Almost everything about the Palm Pre Plus is cooler than my previous phone, the HTC Touch Pro running Windows Mobile. I thought my phone was the hotness. I thought my phone was the greatest thing ever. The Pre is hotter. The Pre is the greaterest thing ever.
The hardware design is sleek and lovely. The OS looks and feels fabulous. After a brief learning curve I was able to pick up all the gestures and navigational tricks and I grew to really enjoy the interface. It can do cool things like navigate with Google Maps and it can act as a mobile WiFi hotspot, serving up to 5 other devices with wireless internet – very cool for a long roadtrip.
The problem is that although it’s cuter, prettier and faster than my stolen phone, it just doesn’t do everything I’ve come to expect. While I was trying it out, I kept saying, “But it’s so cute. Why can’t it do X?” or, “I want this to be my phone if only it could…”

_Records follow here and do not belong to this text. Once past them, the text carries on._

Lemma natr_F2 (m : nat) : (m%:R : 'F_2) = (odd m)%:R.
Proof.
elim: m => // m IH; rewrite -[m.+1]addn1 natrD IH oddD /=.
by case: (odd m); apply/eqP.
Qed.

Lemma lcoef_inj p q : (forall n, lcoef p n = lcoef q n) -> p = q.
Proof.
move=> Epq; apply/fsetP => n; have := Epq n; rewrite /lcoef.
by case: (n \in p); case: (n \in q) => // /eqP.
Qed.

Lemma lcoef_eq1 p n : (lcoef p n == 1) = (n \in p).
Proof. by rewrite /lcoef; case: (n \in p). Qed.

Lemma lcoef0 n : lcoef lzero n = 0.
Proof. by rewrite /lcoef inE. Qed.

Lemma lcoef1 n : lcoef lone n = (n == 0)%:R.
Proof. by rewrite /lcoef inE. Qed.

Lemma lcoefD p q n : lcoef (ladd p q) n = lcoef p n + lcoef q n.
Proof. by rewrite /lcoef !inE; case: (n \in p); case: (n \in q); apply/eqP. Qed.

Lemma sum_lcoef_eq (q : laurent) (m : int) : \sum_(j <- q) (j == m)%:R = lcoef q m.
Proof.
have -> : lcoef q m = (count (pred1 m) q)%:R by rewrite count_uniq_mem ?fset_uniq.
rewrite -sum1_count natr_sum [RHS]big_mkcond; apply: eq_bigr => j _.
by rewrite /=; case: (j == m).
Qed.

Lemma lcoefM p q n : lcoef (lmul p q) n = \sum_(i <- p) lcoef q (n - i).
Proof.
have count_q : #|` [fset k in p | n - k \in q]| = count (fun k => n - k \in q) p.
  by rewrite card_fset_sum1 -big_fset_condE sum1_count.
have -> : \sum_(i <- p) lcoef q (n - i) = (count (fun k => n - k \in q) p)%:R.
  rewrite -sum1_count natr_sum [RHS]big_mkcond; apply: eq_bigr => i _.
  by rewrite /lcoef; case: ifP.
rewrite natr_F2 /lcoef /lmul !inE -count_q.
case odd_n: (odd _); rewrite ?andbF ?andbT //.
have /hasP[k kp kq] : has (fun k => n - k \in q) p.
  by rewrite has_count -count_q; case: #|` _| odd_n.
by rewrite -[n](subrKC k) in_imfset2.
Qed.

Lemma lcoefM2 p q n :
  lcoef (lmul p q) n = \sum_(i <- p) \sum_(j <- q) (i + j == n)%:R.
Proof.
rewrite lcoefM; apply: eq_bigr => i _; rewrite -sum_lcoef_eq.
by apply: eq_bigr => j _; congr (_%:R); apply/eqP/eqP; lia.
Qed.

Lemma lmulC p q : lmul p q = lmul q p.
Proof.
apply: lcoef_inj => n; rewrite !lcoefM2 exchange_big.
by apply: eq_bigr => i _; apply: eq_bigr => j _; rewrite addrC.
Qed.
(* Let $(E,\mathcal{L},g)$ be a uniform affine oriented matroid with $|E|>1$ such that every maximal element of its bounded complex $\mathcal{L}^{++}$ is a tope of $\mathcal{L}$, and such that $X\backslash g\neq 0$ for every $X\in\mathcal{L}^+$. Then for $X\in\mathcal{L}^+$: $X\backslash g\in\mathcal{L}/g$ if and only if $X\notin\mathcal{L}^{++}$.
   Context: An oriented matroid $(E,\mathcal{L})$ is given by covectors $\mathcal{L}\subseteq\{+,-,0\}^E$ satisfying the standard covector axioms, ordered componentwise by $0<+$, $0<-$; topes are maximal covectors. Uniform: the underlying matroid (flats $z(X)=\{e:X_e=0\}$, $X\in\mathcal{L}$) of rank $r$ has every $r$-subset of $E$ as a basis. An affine oriented matroid $(E,\mathcal{L},g)$ has a distinguished non-loop $g\in E$; $\mathcal{L}^+=\{X\in\mathcal{L}:X_g=+\}$; bounded complex $\mathcal{L}^{++}=\{X\in\mathcal{L}^+:\ \text{all } 0\neq Y\le X \text{ in } \mathcal{L} \text{ have } Y_g=+\}$. For a sign vector $X\in\{+,-,0\}^E$, $X\backslash g$ denotes its restriction to $E\setminus\{g\}$. The contraction is $\mathcal{L}/g=\{Y\backslash g: Y\in\mathcal{L},\ Y_g=0\}$, an oriented matroid on $E\setminus\{g\}$. *)

From HB Require Import structures.
From mathcomp Require Import all_boot.
Set Implicit Arguments. Unset Strict Implicit. Unset Printing Implicit Defensive.

Inductive sign := Zero | Plus | Minus.

Definition sign_enc (s : sign) : 'I_3 :=
  match s with Zero => inord 0 | Plus => inord 1 | Minus => inord 2 end.
Definition sign_dec (i : 'I_3) : option sign :=
  match val i with 0 => Some Zero | 1 => Some Plus | _ => Some Minus end.
Lemma sign_encK : pcancel sign_enc sign_dec.
Proof. by case; rewrite /sign_dec /= inordK. Qed.
HB.instance Definition _ := Finite.copy sign (pcan_type sign_encK).

Definition sopp (s : sign) : sign :=
  match s with Zero => Zero | Plus => Minus | Minus => Plus end.

Section OM.
Variable E : finType.
Definition svec := {ffun E -> sign}.

Definition szero : svec := [ffun => Zero].
Definition sneg (X : svec) : svec := [ffun e => sopp (X e)].
Definition scomp (X Y : svec) : svec :=
  [ffun e => if X e == Zero then Y e else X e].
Definition ssep (X Y : svec) : {set E} :=
  [set e | (X e != Zero) && (Y e == sopp (X e))].
Definition zset (X : svec) : {set E} := [set e | X e == Zero].
Definition sle (Y X : svec) : bool := [forall e, (Y e == Zero) || (Y e == X e)].

Definition is_OM (L : {set svec}) : Prop :=
  [/\ szero \in L,
      (forall X, X \in L -> sneg X \in L),
      (forall X Y, X \in L -> Y \in L -> scomp X Y \in L) &
      (forall X Y e, X \in L -> Y \in L -> e \in ssep X Y ->
         exists2 Z, Z \in L & Z e = Zero /\
           forall f, f \notin ssep X Y -> Z f = scomp X Y f)].

(* underlying matroid: flats are the zero sets of covectors *)
Definition is_flat (L : {set svec}) (F : {set E}) : bool :=
  [exists X in L, zset X == F].
Definition mclosure (L : {set svec}) (A : {set E}) : {set E} :=
  \bigcap_(F | is_flat L F && (A \subset F)) F.
Definition mindep (L : {set svec}) (I : {set E}) : bool :=
  [forall i in I, i \notin mclosure L (I :\ i)].
Definition mbasis (L : {set svec}) (B : {set E}) : bool :=
  mindep L B && [forall B' : {set E}, (B \proper B') ==> ~~ mindep L B'].
Definition uniform (L : {set svec}) : Prop :=
  exists r : nat, (exists B, mbasis L B /\ #|B| = r) /\
                  (forall B : {set E}, #|B| = r -> mbasis L B).

Definition is_tope (L : {set svec}) (X : svec) : Prop :=
  X \in L /\ forall Y, Y \in L -> sle X Y -> Y = X.

Definition nonloop (L : {set svec}) (g : E) : Prop := exists2 X, X \in L & X g != Zero.
Definition Lplus (L : {set svec}) (g : E) (X : svec) : Prop := X \in L /\ X g = Plus.
Definition Lpp (L : {set svec}) (g : E) (X : svec) : Prop :=
  Lplus L g X /\ forall Y, Y \in L -> Y != szero -> sle Y X -> Y g = Plus.
Definition Lpp_maximal (L : {set svec}) (g : E) (X : svec) : Prop :=
  Lpp L g X /\ forall Y, Lpp L g Y -> sle X Y -> Y = X.
Definition restr_nonzero (g : E) (X : svec) : Prop := exists2 e, e != g & X e != Zero.
Definition in_contraction (L : {set svec}) (g : E) (X : svec) : Prop :=
  exists2 Y, Y \in L & Y g = Zero /\ forall e, e != g -> Y e = X e.
End OM.

(* In a uniform oriented matroid of rank r every sign vector lying above a
   nonzero covector is itself a covector: a nonzero covector Y has fewer than
   r zeros, so for a zero e of Y there is a covector vanishing on the other
   zeros of Y and with any prescribed sign at e, and composing Y with it
   fills in e.
   Hence if X in L^+ is not in L^{++}, a nonzero covector Y <= X with Y_g = 0
   lifts to the covector that agrees with X off g and vanishes at g.
   Conversely such a covector lies below X, is nonzero because X\g is, and
   vanishes at g, so X is not in L^{++}. *)
From mathcomp Require Import all_boot.
Set Implicit Arguments. Unset Strict Implicit. Unset Printing Implicit Defensive.

(* The [eqType] structure of [sign] is transported through an encoding whose
   equality test does not reduce, so sign identities go through [sign_eqb]. *)
Definition sign_eqb (a b : sign) : bool :=
  match a, b with
  | Zero, Zero | Plus, Plus | Minus, Minus => true
  | _, _ => false
  end.

Lemma sign_eqE (a b : sign) : (a == b) = sign_eqb a b.
Proof. by apply/eqP/idP; case: a; case: b. Qed.

Lemma sopp_eq0 (s : sign) : (sopp s == Zero) = (s == Zero).
Proof. by rewrite !sign_eqE; case: s. Qed.

Lemma sopp_neq (s : sign) : s != Zero -> sopp s != s.
Proof. by rewrite !sign_eqE; case: s. Qed.

Lemma nonzero_signP (s t : sign) : s != Zero -> t != Zero -> t = s \/ t = sopp s.
Proof. by rewrite !sign_eqE; case: s; case: t; auto. Qed.

Lemma subset_of_card (T : finType) (A : {set T}) k :
  k <= #|A| -> exists2 C : {set T}, C \subset A & #|C| = k.
Proof.
case/card_geqP => s [uniq_s <- sA]; exists [set x in s].
  by apply/subsetP => x; rewrite inE => /sA.
by rewrite cardsE; apply/card_uniqP.
Qed.

Section CovectorLemmas.
Variable E : finType.
Implicit Types (L : {set svec E}) (X Y W : svec E) (A : {set E}).

Lemma sleP Y X : reflect (forall e, Y e = Zero \/ Y e = X e) (sle Y X).
Proof.
apply: (iffP forallP) => H e; first by case/orP: (H e) => /eqP; auto.
by case: (H e) => ->; rewrite eqxx ?orbT.
Qed.

Lemma svec_neq0P X : reflect (exists e, X e != Zero) (X != szero E).
Proof.
apply: (iffP idP) => [X0|[e Xe]]; last by apply: contraNneq Xe => ->; rewrite ffunE.
apply/existsP; apply: contraNT X0 => /existsPn X0.
by apply/eqP/ffunP => e; rewrite ffunE; apply/eqP/negbNE.
Qed.

Lemma mem_mclosureP L A x :
  reflect (forall W, W \in L -> A \subset zset W -> W x = Zero) (x \in mclosure L A).
Proof.
apply: (iffP bigcapP) => [H W WL AW|H F /andP[/existsP[W /andP[WL /eqP <-]] AW]].
  have := H (zset W); rewrite inE AW andbT => /(_ _) /eqP; apply.
  by apply/existsP; exists W; rewrite WL eqxx.
by rewrite inE; apply/eqP; apply: H.
Qed.

Lemma notin_mclosureP L A x : x \notin mclosure L A ->
  exists2 W, W \in L & A \subset zset W /\ W x != Zero.
Proof.
move=> xA; have [/existsP[W /and3P[WL AW Wx]]|] :=
  boolP [exists W, [&& W \in L, A \subset zset W & W x != Zero]]; first by exists W.
move/existsPn => noW; case/negP: xA; apply/mem_mclosureP => W WL AW.
by apply/eqP; move: (noW W); rewrite WL AW /= negbK.
Qed.

Section OrientedMatroid.
Variable L : {set svec E}.
Hypothesis OM : is_OM L.

Lemma oriented_covector X e s : X \in L -> X e != Zero -> s != Zero ->
  exists2 X', X' \in L & X' e = s /\ zset X' = zset X.
Proof.
case: OM => _ Lneg _ _ XL Xe s0.
case: (nonzero_signP Xe s0) => ->; first by exists X.
exists (sneg X); first exact: Lneg.
by split; [rewrite ffunE | apply/setP => f; rewrite !inE ffunE sopp_eq0].
Qed.

(* Eliminate y between V = V0 o W and W' o V, where V0 witnesses i outside
   cl(A), W vanishes on A + i, and W' = +-W is opposite to V at y. *)
Lemma mclosure_exchange A i y :
  i \notin mclosure L A -> i \in mclosure L (y |: A) -> y \in mclosure L (i |: A).
Proof.
case: OM => _ _ Lcomp Lelim /notin_mclosureP[V0 V0L [AV0 V0i]] /mem_mclosureP iyA.
apply/mem_mclosureP => W WL AiW; apply/eqP; apply: contraT => Wy.
have W0 f : f \in i |: A -> W f = Zero by move/(subsetP AiW); rewrite inE => /eqP.
pose V := scomp V0 W.
have VL : V \in L by apply: Lcomp.
have VA f : f \in A -> V f = Zero.
  move=> fA; move/subsetP: AV0 => /(_ f fA); rewrite inE /V ffunE => ->.
  by rewrite W0 // inE fA orbT.
have Vi : V i != Zero by rewrite /V ffunE (negbTE V0i).
have Vy : V y != Zero by rewrite /V ffunE; case: ifP => // /negbT.
have oppVy : sopp (V y) != Zero by rewrite sopp_eq0.
have [W' W'L [W'y zW']] := oriented_covector WL Wy oppVy.
have W'0 f : W f = Zero -> W' f = Zero.
  move=> Wf; have : f \in zset W by rewrite inE Wf.
  by rewrite -zW' inE => /eqP.
pose Q := scomp W' V.
have yVQ : y \in ssep V Q by rewrite inE Vy /Q ffunE W'y (negbTE oppVy) eqxx.
have [Z ZL [Zy Z_off]] := Lelim _ _ _ VL (Lcomp _ _ W'L VL) yVQ.
have Qi : Q i = V i by rewrite /Q ffunE W'0 ?eqxx // W0 // setU11.
have Zi : Z i = V i.
  rewrite Z_off; first by rewrite ffunE (negbTE Vi).
  by rewrite inE Qi [_ == sopp _]eq_sym (negbTE (sopp_neq Vi)) andbF.
suff : Z i = Zero by rewrite Zi => /eqP; rewrite (negbTE Vi).
apply: iyA ZL _; apply/subsetP => f; rewrite !inE => /predU1P[->|fA].
  by rewrite Zy.
have Qf : Q f = Zero by rewrite /Q ffunE W'0 ?eqxx ?VA // W0 // setU1r.
rewrite Z_off; first by rewrite ffunE VA // eqxx Qf.
by rewrite inE VA // eqxx.
Qed.

Lemma mclosure_basis B x : mbasis L B -> x \in mclosure L B.
Proof.
case/andP => indepB /forallP maxB; have [xB|xB] := boolP (x \in B).
  by apply/mem_mclosureP => W _ /subsetP /(_ x xB); rewrite inE => /eqP.
have : ~~ mindep L (x |: B) by apply: (implyP (maxB _)); rewrite properUr ?sub1set.
case/forall_inPn => j; rewrite !inE negbK => /predU1P[->|jB]; first by rewrite setU1K.
have jx : j != x by apply: contraNneq xB => <-.
have -> : (x |: B) :\ j = x |: (B :\ j).
  by apply/setP => z; rewrite !inE; case: (z =P x) => // ->; rewrite eq_sym jx.
move/forall_inP: indepB => /(_ j jB) /mclosure_exchange.
by rewrite setD1K //; apply.
Qed.

Section Uniform.
Variable r : nat.
Hypothesis r_bases : forall B : {set E}, #|B| = r -> mbasis L B.
Hypothesis r_le_card : r <= #|E|.

Lemma covector_zset_card W : W \in L -> W != szero E -> #|zset W| < r.
Proof.
move=> WL; apply: contraNT; rewrite -leqNgt => /subset_of_card[B BW /r_bases Bbasis].
apply/eqP/ffunP => e; rewrite ffunE.
by move/mem_mclosureP: (mclosure_basis e Bbasis); apply.
Qed.

Lemma covector_separating A x : #|A| < r -> x \notin A ->
  exists2 U, U \in L & A \subset zset U /\ U x != Zero.
Proof.
move=> Ar xA; set B0 := x |: A.
have B0r : #|B0| <= r by rewrite cardsU1 xA.
have : r - #|B0| <= #|~: B0| by rewrite leq_subLR cardsC.
case/subset_of_card => C CB0 Ccard.
have Br : #|B0 :|: C| = r.
  have /eqP -> : #|B0 :|: C| == #|B0| + #|C|.
    by rewrite (leq_card_setU _ _).2 disjoint_sym disjoints_subset.
  by rewrite Ccard subnKC.
have [indepB _] := andP (r_bases Br).
have xB : x \in B0 :|: C by rewrite !inE eqxx.
have [U UL [BU Ux]] := notin_mclosureP (forall_inP indepB x xB).
exists U => //; split => //; apply: subset_trans BU; apply/subsetP => z zA.
by rewrite !inE zA orbT andbT; apply: contraNneq xA => <-.
Qed.

Lemma covector_fill_zero Y e s : Y \in L -> Y != szero E -> Y e = Zero -> s != Zero ->
  exists2 Y', Y' \in L & Y' e = s /\ forall f, f != e -> Y' f = Y f.
Proof.
move=> YL Y0 Ye s0.
have Ar : #|zset Y :\ e| < r.
  exact: leq_ltn_trans (subset_leq_card (subsetDl _ _)) (covector_zset_card YL Y0).
have [U0 U0L [AU0 U0e]] := covector_separating Ar (negbT (setD11 e (zset Y))).
have [U UL [Ue zU]] := oriented_covector U0L U0e s0.
case: OM => _ _ Lcomp _; exists (scomp Y U); first exact: Lcomp.
split=> [|f fe]; first by rewrite ffunE Ye eqxx.
rewrite ffunE; case: eqP => // /eqP Yf.
have : f \in zset U by rewrite zU; apply: (subsetP AU0); rewrite !inE fe.
by rewrite inE => /eqP ->; apply/esym/eqP.
Qed.

Lemma covector_above Y W : Y \in L -> Y != szero E -> sle Y W -> W \in L.
Proof.
move=> YL Y0 YW; move cardD : #|[set e | Y e != W e]| => n.
elim: n Y YL Y0 YW cardD => [|n IH] Y YL Y0 /sleP YW cardD.
  suff <- : Y = W by [].
  apply/ffunP => e; apply/eqP; apply: contraTT isT => YWe.
  by move/eqP: cardD; rewrite cards_eq0 => /eqP/setP/(_ e); rewrite !inE YWe.
have /card_gt0P[e] : 0 < #|[set e | Y e != W e]| by rewrite cardD.
move=> eD; have YWe : Y e != W e by rewrite inE in eD.
have Ye : Y e = Zero by case: (YW e) => // /eqP; rewrite (negbTE YWe).
have We : W e != Zero by rewrite -Ye eq_sym.
have [Y' Y'L [Y'e Y'f]] := covector_fill_zero YL Y0 Ye We.
apply: (IH Y') => //.
- by apply/svec_neq0P; exists e; rewrite Y'e.
- apply/sleP => f; have [->|fe] := eqVneq f e; first by right.
  by rewrite Y'f //; apply: YW.
- apply: succn_inj; rewrite -cardD (cardsD1 e [set e | Y e != W e]) eD add1n; congr _.+1.
  apply: eq_card => f; rewrite !inE.
  by have [->|fe] := eqVneq f e; rewrite ?Y'e ?eqxx ?Y'f.
Qed.

End Uniform.
End OrientedMatroid.
End CovectorLemmas.

Section AffineContraction.
Variables (E : finType) (L : {set svec E}) (g : E).
Implicit Types X Y : svec E.

Lemma contraction_not_Lpp X :
  restr_nonzero g X -> in_contraction L g X -> ~ Lpp L g X.
Proof.
case=> e eg Xe [Y YL [Yg YX]] [_ LppX].
have Y0 : Y != szero E by apply/svec_neq0P; exists e; rewrite YX.
have : sle Y X.
  by apply/sleP => f; have [->|fg] := eqVneq f g; [left | right; apply: YX].
by move/(LppX Y YL Y0); rewrite Yg.
Qed.

Lemma not_Lpp_witness X : Lplus L g X -> ~ Lpp L g X ->
  exists2 Y, Y \in L & [/\ Y != szero E, sle Y X & Y g = Zero].
Proof.
move=> [XL Xg] notLpp.
have [/existsP[Y /and4P[YL Y0 YX Yg]]|] :=
  boolP [exists Y, [&& Y \in L, Y != szero E, sle Y X & Y g != Plus]].
  exists Y => //; split => //.
  by case: (sleP _ _ YX g) => // YgX; move: Yg; rewrite YgX Xg eqxx.
move/existsPn => noY; case: notLpp; split => // Y YL Y0 YX.
by apply/eqP; move: (noY Y); rewrite YL Y0 YX negbK.
Qed.

End AffineContraction.

Theorem corollary4p3 (E : finType) (L : {set svec E}) (g : E) :
  is_OM L -> uniform L -> nonloop L g -> 1 < #|E| ->
  (forall X, Lpp_maximal L g X -> is_tope L X) ->
  (forall X, Lplus L g X -> restr_nonzero g X) ->
  forall X, Lplus L g X -> (in_contraction L g X <-> ~ Lpp L g X).
Proof.
(* Uniformity alone gives the equivalence. *)
move=> OM [r [[B [_ Br]] r_bases]] _ _ _ restr_nz X LplusX.
split; first exact/contraction_not_Lpp/restr_nz.
case/(not_Lpp_witness LplusX) => Y YL [Y0 YX Yg].
pose W := [ffun e => if e == g then Zero else X e].
have YW : sle Y W.
  apply/sleP => f; rewrite ffunE; have [->|_] := eqVneq f g; first by left.
  exact: (sleP _ _ YX).
have r_le_card : r <= #|E| by rewrite -Br max_card.
exists W; first exact: (covector_above OM r_bases r_le_card YL Y0 YW).
by split=> [|e eg]; rewrite ffunE ?eqxx ?(negbTE eg).
Qed.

The Pre works with Microsoft Exchange so it syncs my calendars and contacts, which is great. However, the calendar functionality is limited. There are little things that have come to be very important to me that you cannot do on a Pre calendar. The most critical problem for me is that I can’t add attendees to a calendar appointment. Whenever I’m out and about and make a new appointment, I add Dan as an attendee and the event goes to all of our phones and calendars within minutes. This makes family planning (not that kind) very easy and I feel like I need it, although “need” is a funny word.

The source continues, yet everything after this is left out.